Your output should be the lines from the start of the data through the line containing "move=> A B q r; set P := q * B - r * A.", exactly and nothing more.

(Stored items)
*-*-*

Lemma ls_coef_eps_lt0 j t : ls_coef (eps mu p j) (- t.+1%:Z) = Lfun mu ('X^t * p j).
Proof.
rewrite ls_coef_sub ls_coef_poly (_ : 0 <= - t.+1%:Z = false); last by lia.
rewrite subr0 /ls_coef /= add0n addnS big_ord_recl /= mul0r add0r.
rewrite (@LfunE _ _ _ (size (p j) + t).+1); last first.
  by apply: leq_trans (size_polyMleq _ _) _; rewrite size_polyXn; lia.
apply: eq_bigr => -[i iS] _; rewrite coefXnM /bump /= add1n mulrC.
move: iS; set n := size (p j) => iS; case: (ltnP i t) => it.
  by rewrite ifF ?mul0r //; apply/negbTE; lia.
by rewrite ifT; [congr (_`_ _ * mu _) | ]; lia.
Qed.

Lemma ls_rep_eps D N j :
    (size (p j) <= D)%N -> (size (assoc_poly mu p j) <= D)%N ->
  ls_rep D N (eps mu p j)
    (ls_trunc 0 N (fseries mu) * poly_rev D (p j) - poly_rev D (assoc_poly mu p j)).
Proof.
move=> pD qD; apply: ls_rep_sub (ls_rep_poly N qD).
by have := ls_rep_mul (ls_rep_trunc (x := fseries mu) N (leqnn 0)) (ls_rep_poly N pD).
Qed.

Lemma casorati_eps n :
  let A := p n in let B := p n.-1 in
  let q := assoc_poly mu p n in let r := assoc_poly mu p n.-1 in
  ls_eq (ls_of_poly (q * B - r * A))
    (ls_sub (ls_mul (eps mu p n.-1) (ls_of_poly A)) (ls_mul (eps mu p n) (ls_of_poly B))).
Proof.
move=> A B q r; set P := q * B - r * A.
pose D := (size A + size q + size B + size r + size P)%N.
have [AD qD BD rD] : [/\ size A <= D, size q <= D, size B <= D & size r <= D]%N.
  by rewrite /D; split; lia.
apply: (@ls_eq_rep _ (D + D)) => N; exists (poly_rev (D + D) P); split.
  by apply: ls_rep_poly; rewrite /D; lia.
apply: ls_rep_take (ls_rep_sub (ls_rep_mul (ls_rep_eps N BD rD) (ls_rep_poly N AD))
                               (ls_rep_mul (ls_rep_eps N AD qD) (ls_rep_poly N BD))) _.
by rewrite /P (raddfB (poly_rev (D + D))) /= !poly_revM ?leqW //; congr take_poly; ring.
Qed.

Hypothesis p_on : OP_orthonormal mu p.

Lemma ls_coef_eps_gt j m : - j%:Z <= m -> ls_coef (eps mu p j) m = 0.
Proof.
move=> jm; have [m0|m0] := boolP (0 <= m); first exact: ls_coef_eps_ge0.
rewrite (_ : m = - (`|m|%N.-1).+1%:Z); last by lia.
by rewrite ls_coef_eps_lt0 Lfun_mul_OP // size_polyXn; lia.
Qed.

Lemma ls_coef_eps_top j : ls_coef (eps mu p j) (- j.+1%:Z) = (gam p j)^-1.
Proof. by rewrite ls_coef_eps_lt0 Lfun_Xn_mul_OP. Qed.

Lemma casorati_OP n : (1 <= n)%N ->
  (acoef p n)%:P * (assoc_poly mu p n * p n.-1 - assoc_poly mu p n.-1 * p n) = 1.
Proof.
move=> n1; set A := p n; set B := p n.-1; set q := assoc_poly mu p n.
set r := assoc_poly mu p n.-1; set P := q * B - r * A.
have eP := casorati_eps n.
have e1_gt m : - n%:Z < m -> ls_coef (eps mu p n.-1) m = 0.
  by move=> nm; apply: ls_coef_eps_gt; lia.
have e_gt m : - n.+1%:Z < m -> ls_coef (eps mu p n) m = 0.
  by move=> nm; apply: ls_coef_eps_gt; lia.
have A_gt m : n%:Z < m -> ls_coef (ls_of_poly A) m = 0.
  by move=> nm; apply: ls_coef_poly_ge; rewrite (size_OP p_on); lia.
have B_gt m : n.-1%:Z < m -> ls_coef (ls_of_poly B) m = 0.
  by move=> nm; apply: ls_coef_poly_ge; rewrite (size_OP p_on); lia.
have [e1A_low e1A_top] := ls_coef_mul_top e1_gt A_gt.
have [eB_low _] := ls_coef_mul_top e_gt B_gt.
(* In degrees [>= 0] only [z^(-n) * z^n] from [eps_(n-1) p_n] contributes. *)
have -> : P = (gam p n / gam p n.-1)%:P.
  apply/polyP => i; rewrite coefC; have := eP i%:Z.
  rewrite ls_coef_poly /= ls_coef_sub (eB_low i%:Z) ?subr0 => [->|]; last by lia.
  case: i => [|i]; last by rewrite e1A_low //; lia.
  rewrite (_ : Posz 0 = - n%:Z + n%:Z) ?e1A_top; last by rewrite addNr.
  rewrite ls_coef_poly le0z_nat /=.
  by rewrite -[n in - n%:Z](prednK n1) ls_coef_eps_top /A (coef_OP_top p_on) mulrC.
rewrite /acoef -polyCM mulrA divfK ?(gam_neq0 p_on) // divff ?(gam_neq0 p_on) //.
Qed.

End Remainder.

Section ReversedFormulas.
Variables (C : comNzRingType) (D Dw : nat) (W V U A B q r : {poly C}).
Hypotheses (WD : (size W <= Dw)%N) (VD : (size V <= Dw)%N) (UD : (size U <= Dw)%N).
Hypotheses (AD : (size A <= D)%N) (BD : (size B <= D)%N).
Hypotheses (qD : (size q <= D)%N) (rD : (size r <= D)%N).

Let Aq_bounds : [/\ size A <= D.+1, size q <= D.+1, size A^`() <= D.+1
  & size q^`() <= D.+1]%N.
Proof. by split; rewrite ?leqW // (leq_trans (size_deriv_leq _)) ?leqW. Qed.

Let Br_bounds : (size B <= D.+1 /\ size r <= D.+1)%N.
Proof. by split; apply: leqW. Qed.

Let WUV_bounds : [/\ size W <= Dw.+1, size U <= Dw.+1, size V <= Dw.+1
  & size (2%:R * V)%R <= Dw.+1]%N.
Proof. by split; rewrite ?leqW // (leq_trans (size_mulnatl_leq 2 V)) ?leqW. Qed.

Lemma poly_rev_Theta :
  poly_rev (Dw + (D + D)) (W * (q^`() * A - q * A^`()) - U * A ^+ 2 - 2%:R * V * q * A) =
  poly_rev Dw W * (rev_deriv D (poly_rev D q) * poly_rev D A
                   - poly_rev D q * rev_deriv D (poly_rev D A))
  - poly_rev Dw U * (poly_rev D A * poly_rev D A)
  - 2%:R * poly_rev Dw V * (poly_rev D q * poly_rev D A).
Proof.
have [A1 q1 A'1 q'1] := Aq_bounds.
have [W1 U1 _ V21] := WUV_bounds.
rewrite expr2 -(mulrA _ q) !raddfB /= !(@poly_revM _ Dw (D + D)) //; last 3 first.
- exact: size_polyM_leqS.
- exact: size_polyM_leqS.
- by apply: size_polyB_leq; apply: size_polyM_leqS.
by rewrite !raddfB /= !(@poly_revM _ D D) // !poly_rev_deriv // poly_rev_double.
Qed.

*-*-*

== Solution to the exercise ==
Lemma ls_coef_eps_lt0 j t : ls_coef (eps mu p j) (- t.+1%:Z) = Lfun mu ('X^t * p j).
Proof.
rewrite ls_coef_sub ls_coef_poly (_ : 0 <= - t.+1%:Z = false); last by lia.
rewrite subr0 /ls_coef /= add0n addnS big_ord_recl /= mul0r add0r.
rewrite (@LfunE _ _ _ (size (p j) + t).+1); last first.
  by apply: leq_trans (size_polyMleq _ _) _; rewrite size_polyXn; lia.
apply: eq_bigr => -[i iS] _; rewrite coefXnM /bump /= add1n mulrC.
move: iS; set n := size (p j) => iS; case: (ltnP i t) => it.
  by rewrite ifF ?mul0r //; apply/negbTE; lia.
by rewrite ifT; [congr (_`_ _ * mu _) | ]; lia.
Qed.

Lemma ls_rep_eps D N j :
    (size (p j) <= D)%N -> (size (assoc_poly mu p j) <= D)%N ->
  ls_rep D N (eps mu p j)
    (ls_trunc 0 N (fseries mu) * poly_rev D (p j) - poly_rev D (assoc_poly mu p j)).
Proof.
move=> pD qD; apply: ls_rep_sub (ls_rep_poly N qD).
by have := ls_rep_mul (ls_rep_trunc (x := fseries mu) N (leqnn 0)) (ls_rep_poly N pD).
Qed.

Lemma casorati_eps n :
  let A := p n in let B := p n.-1 in
  let q := assoc_poly mu p n in let r := assoc_poly mu p n.-1 in
  ls_eq (ls_of_poly (q * B - r * A))
    (ls_sub (ls_mul (eps mu p n.-1) (ls_of_poly A)) (ls_mul (eps mu p n) (ls_of_poly B))).
Proof.
move=> A B q r; set P := q * B - r * A.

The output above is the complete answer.